A little-known chapter of Johnny Cash’s life is about to get its first full telling. A new A&E documentary, ‘Johnny Cash: The Man Comes Around,’ profiles the Man in Black through his profound connection to the island of Jamaica. It comes from Oscar-nominated filmmaker Dana Adam Shapiro, best known for ‘Murderball,’ and is slated to air later this year.
The film works as three things at once: an intimate family portrait, a true crime thriller, and a revelatory deconstruction of one of America’s most complex icons. At its center sits the 1981 Christmas Day home invasion, when masked gunmen held the Cash family hostage at their home in Cinnamon Hill.
That story gets told for the first time by Cash himself, drawn from never-before-heard audio recordings, alongside rare photos and home video. Interviews come from his son John Carter Cash, who was present during the robbery, plus family members Rosanne Cash and Carlene Carter, and musicians and collaborators including Lyle Lovett, Steve Earle, and Will Oldham.
The documentary reframes that harrowing night as a defining moment that deepened Cash’s humanist worldview. It traces a lifelong exploration of crime and punishment, salvation and sin, building toward a portrait of an artist who always spoke truth to power and grace for all.

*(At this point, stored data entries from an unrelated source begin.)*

(* Let $0<\beta<\frac13$ and let $S\subset\mathbb{R}$ be a Bernstein set. Then McMullen's absolute winning game with parameter $\beta$ and target set $S$ is not determined, i.e., neither Alice nor Bob has a winning strategy.
   Context: A Bernstein set is a set $S\subset\mathbb{R}$ that has nonempty intersection with every closed uncountable subset of $\mathbb{R}$ but contains no closed uncountable subset of $\mathbb{R}$. McMullen's absolute winning game with parameter $0<\beta<\frac13$ and target set $S$: Bob first chooses a compact interval $B_0$ of positive length. Alice then chooses an interval $A_0\subset B_0$ with $|A_0|=\beta|B_0|$. Bob then chooses a compact interval $B_1\subset B_0\setminus A_0$ with $|B_1|=\beta|B_0|$, and so on: for every $n\ge0$, $A_n\subset B_n$ with $|A_n|=\beta|B_n|$, and $B_{n+1}\subset B_n\setminus A_n$ with $|B_{n+1}|=\beta|B_n|$. Alice wins if $\bigcap_{n\ge0}B_n$ has nonempty intersection with $S$; otherwise Bob wins. Here $|I|$ denotes the length of an interval $I$. A strategy for a player is a rule specifying a legal move in every possible situation as a function of all previously chosen intervals; it is winning if it guarantees that player wins regardless of the opponent's moves. The game is determined on $S$ if one of the players has a winning strategy, and not determined otherwise. *)

From Stdlib Require Import Reals List.
Import ListNotations.
Open Scope R_scope.

Definition closed_R (C : R -> Prop) : Prop :=
  forall x, (forall eps, 0 < eps -> exists y, C y /\ Rabs (y - x) < eps) -> C x.

(* countable = enumerated (possibly with repetitions) by a sequence; the empty
   set is countable *)
Definition countable_R (C : R -> Prop) : Prop :=
  exists f : nat -> R, forall x, C x -> exists n, f n = x.

Definition uncountable_R (C : R -> Prop) : Prop := ~ countable_R C.

Definition Bernstein (S : R -> Prop) : Prop :=
  (forall C, closed_R C -> uncountable_R C -> exists x, C x /\ S x) /\
  (forall C, closed_R C -> uncountable_R C -> ~ (forall x, C x -> S x)).

(* Bob's move: compact interval [a,b], encoded as (a,b). *)
Definition Bmove := (R * R)%type.
(* Alice's move: interval with endpoints c <= d; the booleans say whether the
   left / right endpoint is included (so any kind of interval is allowed). *)
Definition Amove := (R * R * bool * bool)%type.

Definition inB (B : Bmove) (x : R) : Prop := fst B <= x <= snd B.
Definition lenB (B : Bmove) : R := snd B - fst B.

Definition inA (A : Amove) (x : R) : Prop :=
  match A with
  | (c, d, lc, rc) =>
      (if lc then c <= x else c < x) /\ (if rc then x <= d else x < d)
  end.
Definition lenA (A : Amove) : R :=
  match A with (c, d, _, _) => d - c end.
Definition wfA (A : Amove) : Prop :=
  match A with (c, d, _, _) => c <= d end.

(* A history is the list of completed rounds (B_i, A_i), in chronological order. *)
Definition history := list (Bmove * Amove).

Definition legalA (beta : R) (B : Bmove) (A : Amove) : Prop :=
  wfA A /\ (forall x, inA A x -> inB B x) /\ lenA A = beta * lenB B.

Definition legalB (beta : R) (h : history) (B : Bmove) : Prop :=
  match rev h with
  | [] => fst B < snd B
  | (B', A') :: _ =>
      fst B <= snd B /\
      (forall x, inB B x -> inB B' x /\ ~ inA A' x) /\
      lenB B = beta * lenB B'
  end.

Definition dummyB : Bmove := (0, 0).
Definition dummyA : Amove := (0, 0, true, true).

Definition legal_history (beta : R) (h : history) : Prop :=
  forall n, (n < length h)%nat ->
    legalB beta (firstn n h) (fst (nth n h (dummyB, dummyA))) /\
    legalA beta (fst (nth n h (dummyB, dummyA))) (snd (nth n h (dummyB, dummyA))).

Definition AliceStrategy := history -> Bmove -> Amove.
Definition BobStrategy := history -> Bmove.

Definition legal_Alice_strategy (beta : R) (sigma : AliceStrategy) : Prop :=
  forall h B, legal_history beta h -> legalB beta h B -> legalA beta B (sigma h B).

Definition legal_Bob_strategy (beta : R) (tau : BobStrategy) : Prop :=
  forall h, legal_history beta h -> legalB beta h (tau h).

Definition prefix (Bs : nat -> Bmove) (As : nat -> Amove) (n : nat) : history :=
  map (fun i => (Bs i, As i)) (seq 0 n).

Definition Alice_wins (S : R -> Prop) (Bs : nat -> Bmove) : Prop :=
  exists x, S x /\ forall n, inB (Bs n) x.

Definition Alice_has_winning_strategy (beta : R) (S : R -> Prop) : Prop :=
  exists sigma : AliceStrategy,
    legal_Alice_strategy beta sigma /\
    forall (Bs : nat -> Bmove) (As : nat -> Amove),
      (forall n, legalB beta (prefix Bs As n) (Bs n)) ->
      (forall n, As n = sigma (prefix Bs As n) (Bs n)) ->
      Alice_wins S Bs.

Definition Bob_has_winning_strategy (beta : R) (S : R -> Prop) : Prop :=
  exists tau : BobStrategy,
    legal_Bob_strategy beta tau /\
    forall (Bs : nat -> Bmove) (As : nat -> Amove),
      (forall n, Bs n = tau (prefix Bs As n)) ->
      (forall n, legalA beta (Bs n) (As n)) ->
      ~ Alice_wins S Bs.

Definition determined (beta : R) (S : R -> Prop) : Prop :=
  Alice_has_winning_strategy beta S \/ Bob_has_winning_strategy beta S.

(* For a fixed strategy of either player, the plays consistent with it form a
   closed set of plays, and each such play can be split: some consistent play
   agrees with it up to any given round and later has a disjoint interval.
   A Cantor scheme of such splittings yields a closed uncountable set of outcomes
   of consistent plays.  Against Bob's strategy, Alice splits by playing exactly
   the interval Bob would choose next; by the Bernstein property one outcome lies
   in S, so the strategy is not winning.  Against Alice's strategy, a splitting
   exists because Alice cannot force a point p: Bob can make the relative
   position of p in his interval range over an interval of positions whose width
   grows by the factor 1/beta at each round.  Here one outcome lies outside S. *)

From Stdlib Require Import Reals Lra Lia List Classical ClassicalEpsilon.
Import ListNotations.
Open Scope R_scope.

‘Johnny Cash: The Man Comes Around’ is written and directed by Dana Adam Shapiro and produced for A&E by Sandbox Studios, a joint venture with Sony Music Vision, and WW7 Entertainment, in association with APX Content Ventures and Alldayeveryday, with Rolling Stone Films serving as executive producer. John Carter Cash also serves as a producer. A+E Global Media holds worldwide distribution rights.